Gaflet içinde Allah’ın rızasından yüz çevirerek, zenginlik, makam ya da şöhretin mutluluk ve huzur getireceğini düşünenler, bu tür sohbetlerin yapıldığı, aslında son derece sıkıntı verici olan ortamlardan da büyük bir nefsani zevk alırlar. Kendini övme, başkalarını eleştirme gibi konular üzerinde konuşur, boş ve faydasız konuşmaların yer aldığı televizyon programlarını saatlerce izlerler. Hiçbir sonuca varılamayan, hiçbir fayda sağlamayan bu sohbetleri büyük bir zevkle dinlerken, Kuran’ı dinlemekten hoşlanmaz hatta dinlemeye katlanamazlar. Gaflet içindeki bu insanların durumu bir ayette şöyle haber verilmektedir:
Ki onlar, Beni zikretme (konusun)da gözleri bir perde içindeydi. (Kuran’ı) dinlemeye katlanamazlardı. (Kehf Suresi, 101)
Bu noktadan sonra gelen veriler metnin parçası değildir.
(* Let $n>1$ be an integer and let $\pi_2,\ldots,\pi_{n-1}\in[0,1]$ be arbitrary. Consider the Markov chain $X_0,X_1,\ldots$ on the state space $\{1,\ldots,n\}$ with transition probabilities $$p_{1,2}=p_{n,n-1}=1,\qquad p_{i,i+1}=\pi_i,\quad p_{i,i-1}=1-\pi_i \quad (2\le i\le n-1).$$ All other transition probabilities are $0$. For states $i,j$, let $T_{i,j}=\min\{t>0: X_t=j\}$ be the hitting time of $j$ when the chain is started at $X_0=i$. Then $$\mathrm{E}\{T_{1,n}+T_{n,1}\}\ge 2(n-1)^2.$$
   Context: Expectations may be infinite. In that case the inequality holds trivially. *)

From HB Require Import structures.
From mathcomp Require Import all_boot all_order all_algebra.
From mathcomp Require Import all_classical all_reals all_analysis.
Set Implicit Arguments. Unset Strict Implicit. Unset Printing Implicit Defensive.
Import Order.TTheory GRing.Theory Num.Theory.
Local Open Scope ring_scope.

Section Hitting.
Variables (R : realType) (T : finType) (P : T -> T -> R).

(* taboo i j t y = P(X_t = y and X_s <> j for all 1 <= s <= t | X_0 = i),
   i.e. the sum over all paths i = x_0, x_1, ..., x_t = y avoiding j at
   times 1..t of the products of the transition probabilities. *)
Fixpoint taboo (i j : T) (t : nat) : T -> R :=
  match t with
  | 0 => fun y => (y == i)%:R
  | t'.+1 => fun y => if y == j then 0 else \sum_(x : T) taboo i j t' x * P x y
  end.

Definition hit_law (i j : T) (t : nat) : R :=
  match t with
  | 0 => 0
  | t'.+1 => \sum_(x : T) taboo i j t' x * P x j
  end.

Local Open Scope ereal_scope.

Definition hit_never (i j : T) : \bar R :=
  1 - \sum_(0 <= t <oo) (hit_law i j t)%:E.

(* E{T_{i,j}} in [0, +oo]: sum_t t P(T = t), plus +oo if P(T = +oo) > 0
   (in mathcomp's ereal, 0 * +oo = 0). *)
Definition expected_hit (i j : T) : \bar R :=
  \sum_(0 <= t <oo) ((t%:R * hit_law i j t)%R)%:E + hit_never i j * +oo.
End Hitting.

(* The chain of the statement on {1,...,n}, encoded on 'I_n: the ordinal x
   stands for the state x+1.  pi k is the probability pi_k (2 <= k <= n-1). *)
Definition bd_kernel (R : realType) (n : nat) (pi : nat -> R) (x y : 'I_n) : R :=
  let i := (val x).+1 in
  let j := (val y).+1 in
  if i == 1%N then (j == 2%N)%:R
  else if i == n then (j == n.-1)%:R
  else if j == i.+1 then pi i
  else if j.+1 == i then 1 - pi i
  else 0.

From HB Require Import structures.
From mathcomp Require Import all_boot all_order all_algebra.
From mathcomp Require Import all_classical all_reals all_analysis.
From mathcomp Require Import ring lra zify.
Set Implicit Arguments. Unset Strict Implicit.
Import Order.TTheory GRing.Theory Num.Theory.
Local Open Scope ring_scope.

(* If f vanishes at i, is nonnegative and satisfies the drift condition
   Pf <= f + 1 away from j, then f(X_{t /\ T}) - (t /\ T) is a supermartingale
   for T = T_{i,j}, and optional stopping gives E T_{i,j} >= f(j).
   For the birth-death chain, f is built from lower bounds d_k (resp. e_k) on the
   expected time to cross the edge {k, k+1} to the right (resp. to the left).
   When every pi_i lies in (0,1) the exact crossing times are expressed through the
   conductances c_k = prod pi_i / (1 - pi_i): d_k + e_k = 2 C / c_k with
   C = sum_k c_k, so E T_{1,n} + E T_{n,1} = 2 C sum_k 1 / c_k >= 2 (n-1)^2 by the
   AM-HM inequality.  If some pi_i is 0 (resp. 1) the chain never passes i to the
   right (resp. left), and the corresponding hitting time has infinite mean. *)

Section HittingTime.
Variables (R : realType) (T : finType) (P : T -> T -> R).
Hypothesis P_ge0 : forall x y, 0 <= P x y.
Hypothesis P_sum1 : forall x, \sum_y P x y = 1.
Variables (i j : T).
Hypothesis i_neq_j : i != j.

Local Notation mu := (taboo P i j).
Local Notation h := (hit_law P i j).

Definition survival t := \sum_y mu t y.

Lemma sum_indicator (F : T -> R) a : \sum_y (y == a)%:R * F y = F a.
Proof.
rewrite (bigD1 a) //= eqxx mul1r big1 ?addr0 // => y /negbTE ->.
by rewrite mul0r.
Qed.

Lemma taboo_ge0 t y : 0 <= mu t y.
Proof.
elim: t y => [|t IH] y /=; first by rewrite ler0n.
by case: ifP => // _; apply: sumr_ge0 => x _; apply: mulr_ge0.
Qed.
Oysa müminin kalbi dünya nimetlerine sahip olmaktan ya da bu konudaki boş sohbetlerden dolayı değil, ancak Allah’ı zikretmekten, Kuran okumaktan ve bulunduğu ortamda Allah’ın anılmasından huzur bulur. Çünkü Allah’ın, “Bunlar, iman edenler ve kalpleri Allah’ın zikriyle mutmain olanlardır. Haberiniz olsun; kalpler yalnızca Allah’ın zikriyle mutmain olur.” (Rad Suresi, 28) ayetinde bildirdiği gibi, kalpler sadece Allah anıldığında rahatlayarak huzur bulur.
“Dünyaya Geliş Amacını Unutan İnsan İçin Acı Dolu Bir Hayat Vardır”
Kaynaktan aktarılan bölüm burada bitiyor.